Asked if he’d thrown in the towel in an event by quitting before time, he said: “Yes.”

Recently?

Laughing, he said: “Yeah, three years ago. Honda Classic. See. People have short memories.”

Asked for an example of quitting in an event he finished, he said: “I don’t know about quit but I have definitely let my shoulders slump and my head drop and just not been as positive about the situation as I could have been. 

“So it’s happened to me many times before but you learn with experience and a little bit more maturity that four-round golf tournaments, it’s a long time and there is a lot that can happen. I sort of proved that to myself this week.

“Maybe earlier on in my career when I wasn’t quite as mature and my mind wasn’t quite as…. not stable… I am a stable person. Wrong choice of words there. But I’d just let my head drop and my shoulders slump and that’s something I did earlier on in my career so it is something that comes with experience and maturity.”

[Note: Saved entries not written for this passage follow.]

Lemma RInt_euler_integrand_le x a b : - 1 / 2 <= x <= 1 / 2 -> 0 < a < b ->
  RInt (euler_integrand x) a b <= exp (- x * euler_gamma + 4 * x ^ 2).
Proof.
  intros Hx Hab.
  set (u := fun m => exp (4 * x ^ 2) * gauss_approx x m + 7 * / INR (S m)).
  assert (Hu : is_lim_seq u (exp (4 * x ^ 2) * exp (- x * euler_gamma) + 7 * 0)).
  { apply is_lim_seq_plus'; apply is_lim_seq_mult'; try apply is_lim_seq_const;
      [apply is_lim_seq_gauss_approx; lra|].
    apply (is_lim_seq_incr_1 (fun n => / INR n)).
    replace (Finite 0) with (Rbar_inv p_infty) by reflexivity.
    apply is_lim_seq_inv; [apply is_lim_seq_INR | discriminate]. }
  assert (Hev : eventually (fun m => RInt (euler_integrand x) a b <= u m)).
  { destruct (is_lim_seq_INR (fun y => b < y) (ex_intro _ b (fun y Hy => Hy))) as [N HN].
    exists N. intros m Hm.
    assert (b < INR (S m)) by (rewrite S_INR; generalize (HN m Hm); lra).
    eapply Rle_trans; [apply (RInt_euler_integrand_le_beta_value x m); lra|].
    generalize (beta_value_gauss_bounds x m Hx). unfold u, Rdiv. lra. }
  generalize (is_lim_seq_le_loc (fun _ => RInt (euler_integrand x) a b) u _ _ Hev (is_lim_seq_const _) Hu).
  simpl. rewrite exp_plus. lra.
Qed.

Lemma Gamma_1p_bounds x : - 1 / 2 <= x <= 1 / 2 ->
  exp (- x * euler_gamma) <= Gamma (1 + x) <= exp (- x * euler_gamma + 4 * x ^ 2).
Proof.
  intros Hx.
  destruct (is_RInt_gen_of_bounded (euler_integrand x) (exp (- x * euler_gamma + 4 * x ^ 2)))
    as [L [HGamma [Hsup HU]]].
  - apply continuous_euler_integrand.
  - intros t _. apply euler_integrand_ge0.
  - intros a b Hab. now apply RInt_euler_integrand_le.
  - replace (Gamma (1 + x)) with L.
    2:{ symmetry. unfold Gamma. replace (1 + x - 1) with x by ring. now apply is_RInt_gen_unique. }
    split; [| exact HU].
    assert (Hbeta : forall m, gauss_approx x m <= L).
    { intros m. eapply Rle_trans; [apply (beta_value_gauss_bounds x m Hx) |].
      apply beta_value_le_RInt_sup; [lra | exact Hsup]. }
    generalize (is_lim_seq_le (gauss_approx x) (fun _ => L) _ _ Hbeta
                  (is_lim_seq_gauss_approx x ltac:(lra)) (is_lim_seq_const L)).
    easy.
Qed.

Lemma prod_exp_bounds (f l u : nat -> R) N :
  (forall k, (k <= N)%nat -> exp (l k) <= f k <= exp (u k)) ->
  exp (sum_f_R0 l N) <= prod_f_R0 f N <= exp (sum_f_R0 u N).
Proof.
  induction N as [|N IH]; intros H; [simpl; apply H; lia|].
  simpl prod_f_R0. rewrite !tech5, !exp_plus.
  destruct IH as [I1 I2]; [intros k Hk; apply H; lia|].
  destruct (H (S N) (le_n _)) as [H1 H2].
  generalize (exp_pos (sum_f_R0 l N)) (exp_pos (l (S N))). intros.
  split; apply Rmult_le_compat; lra.
Qed.

Lemma sum_f_R0_scal_l (f : nat -> R) c N : sum_f_R0 (fun k => c * f k) N = c * sum_f_R0 f N.
Proof. rewrite scal_sum. apply sum_eq. intros; ring. Qed.

Lemma prod_Gamma_bounds (A : nat -> R) N M s :
  (forall k, (k <= N)%nat -> 0 < A k <= M) -> Rabs s <= / (2 * M) ->
  exp (- s * sum_f_R0 A N * euler_gamma)
    <= prod_f_R0 (fun k => Gamma (1 + A k * s)) N
    <= exp (- s * sum_f_R0 A N * euler_gamma + 4 * M * s ^ 2 * sum_f_R0 A N).
Proof.
  intros HA Hs.
  destruct (prod_exp_bounds (fun k => Gamma (1 + A k * s)) (fun k => - (A k * s) * euler_gamma)
              (fun k => - (A k * s) * euler_gamma + 4 * (A k * s) ^ 2) N) as [P1 P2].
  { intros k Hk. destruct (HA k Hk) as [HA0 HAM]. apply Gamma_1p_bounds.
    assert (HM : 0 < M) by lra.
    assert (Rabs (A k * s) <= 1 / 2).
    { rewrite Rabs_mult, (Rabs_pos_eq (A k)) by lra.
      apply Rle_trans with (M * / (2 * M)); [apply Rmult_le_compat; try lra; apply Rabs_pos|].
      right. field. lra. }
    apply Rabs_le_between in H. lra. }
  assert (Hl : sum_f_R0 (fun k => - (A k * s) * euler_gamma) N = - s * sum_f_R0 A N * euler_gamma).
  { replace (- s * sum_f_R0 A N * euler_gamma) with (- s * euler_gamma * sum_f_R0 A N) by ring.
    rewrite <- sum_f_R0_scal_l. apply sum_eq. intros; ring. }
  assert (Hu : sum_f_R0 (fun k => - (A k * s) * euler_gamma + 4 * (A k * s) ^ 2) N
                 <= - s * sum_f_R0 A N * euler_gamma + 4 * M * s ^ 2 * sum_f_R0 A N).
  { rewrite plus_sum, Hl, <- (sum_f_R0_scal_l A (4 * M * s ^ 2)). apply Rplus_le_compat_l, sum_Rle.
    intros k Hk. destruct (HA k Hk). generalize (pow2_ge_0 s). intros.
    replace (4 * (A k * s) ^ 2) with ((4 * s ^ 2 * A k) * A k) by ring.
    replace (4 * M * s ^ 2 * A k) with ((4 * s ^ 2 * A k) * M) by ring.
    apply Rmult_le_compat_l; nra. }
  rewrite Hl in P1. split; [exact P1 | eapply Rle_trans; [exact P2 | now apply exp_le_mono]].
Qed.

Lemma Rabs_div_ln_add_le P c g K :
  c <> 0 -> exp (- c * g) <= P <= exp (- c * g + K * Rabs c) -> Rabs (/ c * ln P + g) <= K.
Proof.
  intros Hc [H1 H2].
  assert (HP : 0 < P) by (generalize (exp_pos (- c * g)); lra).
  assert (Hlo : - c * g <= ln P) by (rewrite <- (ln_exp (- c * g)); apply ln_le; [apply exp_pos | exact H1]).
  assert (Hhi : ln P <= - c * g + K * Rabs c)
    by (rewrite <- (ln_exp (- c * g + K * Rabs c)); apply ln_le; [exact HP | exact H2]).
  replace (/ c * ln P + g) with ((ln P + c * g) / c) by (field; exact Hc).
  unfold Rdiv. rewrite Rabs_mult, Rabs_inv, Rabs_pos_eq by lra.
  assert (Hac : 0 < Rabs c) by now apply Rabs_pos_lt.
  apply Rmult_le_reg_r with (Rabs c); [exact Hac|].
  rewrite Rmult_assoc, Rinv_l by lra. lra.
Qed.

All is right in McIlroy’s world again, which is bad news for the other 69 players (including Graeme McDowell)  who advanced to the penultimate FedEx Cup Playoff event, the BMW Championship at Crooked Stick this week.

“I just needed to do something with the putting and I’ve found something,” he said. “I still need to go with it. It is definitely not the finished article but it’s a big step in the right direction.”

Asked his over-riding feeling leaving Boston for Indiana, he said: “Just excitement; excitement with where my game is and what I found this week and hopefully I can keep it going for the next couple of tournaments but ultimately into the Ryder Cup and trying to get a fourth one of those.”